▶ _WORK TO BE COMPLETED_
Look through the entries below and extract exactly the lines from the one containing "forall a (I" through the one containing "(a) is the conjunction", ends included.

● ● ●

Definition QDr (K : fieldType) (val : K -> trop R) (n : nat) (V Ar : finType)
  (s t : Ar -> V) (A : Ar -> 'M[K]_n) (d : V -> nat)
  (p : V -> {set 'I_n} -> trop R) : Prop :=
  [/\ forall v, exists B : {set 'I_n}, #|B| = d v /\ p v B <> None,
      forall v (I J : {set 'I_n}), #|I|.+1 = d v -> #|J| = (d v).+1 ->
        min_twice (fun j => j \in J :\: I)
                  (fun j => tadd (p v (j |: I)) (p v (J :\ j))) &
      forall a (I J : {set 'I_n}), #|I|.+1 = d (s a) -> #|J| = (d (t a)).+1 ->
        min_twice (fun ji : 'I_n * 'I_n => (ji.1 \notin I) && (ji.2 \in J))
                  (fun ji => tadd (val (A a ji.2 ji.1))
                                  (tadd (p (s a) (ji.1 |: I)) (p (t a) (J :\ ji.2))))].

End Tropical.

(* Every valuated matroid satisfies the vertex relations of the quiver Dressian, so
   (a) is the conjunction of the arrow relations.  At an arrow whose matrix A is
   weakly monomial, each row of A hits at most one column, and the arrow relations
   are equivalent to the incidence Plücker relations between the induced matroid
   f^{-1}(mu_s) and the pointed matroid (mu_t)_o.  These give the quotient as soon
   as the rank of f^{-1}(mu_s) is at most that of mu_t, and a rank excess would
   produce a minimal dependent set of mu_t among the rows violating an arrow
   relation; this is (a)<->(c).  For (b), the cocircuit vectors mu_s(_ ∪ I) lie in
   trop(mu_s), and testing val(A) ⊙ x on them recovers the arrow relations.
   Conversely, for x in trop(mu_s) a basis of mu_s through a given column that
   minimises mu_s(B) - sum_b x_b yields an exchange inequality, which turns a unique
   minimum in a circuit relation for val(A) ⊙ x into a unique minimum in an
   incidence relation. *)

From HB Require Import structures.
From mathcomp Require Import all_boot all_order all_algebra.
From mathcomp Require Import reals.
From mathcomp Require Import lra zify.
Set Implicit Arguments. Unset Strict Implicit. Unset Printing Implicit Defensive.
Import Order.TTheory GRing.Theory Num.Theory.
Local Open Scope ring_scope.
(* Let $X$ be a $\mathbf D([0,1),E)$-valued random element whose jump positions $0<Y_1<\dots<Y_{N_X}<1$ form a homogeneous Poisson point process on $[0,1)$ of intensity $\lambda>0$. Let $k\ge1$ and $(I_1,\dots,I_k)\in\mathrm{im}(\pi_k)$. Conditionally on the event $\{N_X=k,\ \pi_k(Y_1,\dots,Y_k)=(I_1,\dots,I_k)\}$, the vector $(Y_1,\dots,Y_k)$ has the same distribution as $(U_1,\dots,U_k)$, where $U_1,\dots,U_k$ are independent and $U_i$ is uniformly distributed on $I_i$.
   Context: $\mathbf D([0,1),E)$ is the space of piecewise constant functions $[0,1)\to E$ with finitely many jumps. Dyadic intervals of level $m$: $[(j-1)2^{-m},j2^{-m})$, $j=1,\dots,2^m$. For distinct $t_1,\dots,t_k\in[0,1)$ build a finite binary tree: the root is $[0,1)$; a node $I$ (a dyadic interval of level $m$) containing at least two of the points $t_i$ gets as children the two dyadic intervals of level $m+1$ contained in $I$; a node containing $0$ or $1$ of the points is a leaf. $\pi_k(t_1,\dots,t_k)=(I_1,\dots,I_k)$ is the list of the $k$ leaves containing exactly one point, arranged in their natural left-to-right order; $\mathrm{im}(\pi_k)$ is the set of all such lists. *)

From HB Require Import structures.
From mathcomp Require Import all_boot all_order all_algebra.
From mathcomp Require Import all_classical all_reals all_analysis.
Set Implicit Arguments. Unset Strict Implicit. Unset Printing Implicit Defensive.
Import Order.TTheory GRing.Theory Num.Theory.
Local Open Scope classical_set_scope.
Local Open Scope ring_scope.

Section Defs.
Context {R : realType}.

(* ---------- Dyadic intervals ----------
   A dyadic interval of level m is coded by a pair (m, j) with j < 2^m and
   denotes [j 2^-m, (j+1) 2^-m)  (the paper's index j is our j+1). *)
Definition dyad := (nat * nat)%type.

Definition dyad_left (I : dyad) : R := I.2%:R / (2%:R ^+ I.1).

Definition in_dyad (I : dyad) (x : R) : bool :=
  (I.2%:R / (2%:R ^+ I.1) <= x) && (x < I.2.+1%:R / (2%:R ^+ I.1)).

Definition dyad_set (I : dyad) : set R := [set x | in_dyad I x].

Definition npts (t : seq R) (I : dyad) : nat := count (in_dyad I) t.

(* Nodes of the binary tree built from the points t: the root [0,1) is a
   node, and the children of a node are nodes iff that node contains at
   least two points.  Equivalently: (m,j) is a node iff j < 2^m and every
   strict dyadic ancestor (level m' < m, index j / 2^(m-m')) contains at
   least two points of t. *)
Definition tree_node (t : seq R) (I : dyad) : Prop :=
  (I.2 < 2 ^ I.1)%N /\
  forall m', (m' < I.1)%N -> (2 <= npts t (m', I.2 %/ 2 ^ (I.1 - m')))%N.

● ● ●

▶ _WRITTEN SOLUTION_
      forall a (I J : {set 'I_n}), #|I|.+1 = d (s a) -> #|J| = (d (t a)).+1 ->
        min_twice (fun ji : 'I_n * 'I_n => (ji.1 \notin I) && (ji.2 \in J))
                  (fun ji => tadd (val (A a ji.2 ji.1))
                                  (tadd (p (s a) (ji.1 |: I)) (p (t a) (J :\ ji.2))))].

End Tropical.

(* Every valuated matroid satisfies the vertex relations of the quiver Dressian, so
   (a) is the conjunction of the arrow relations.  At an arrow whose matrix A is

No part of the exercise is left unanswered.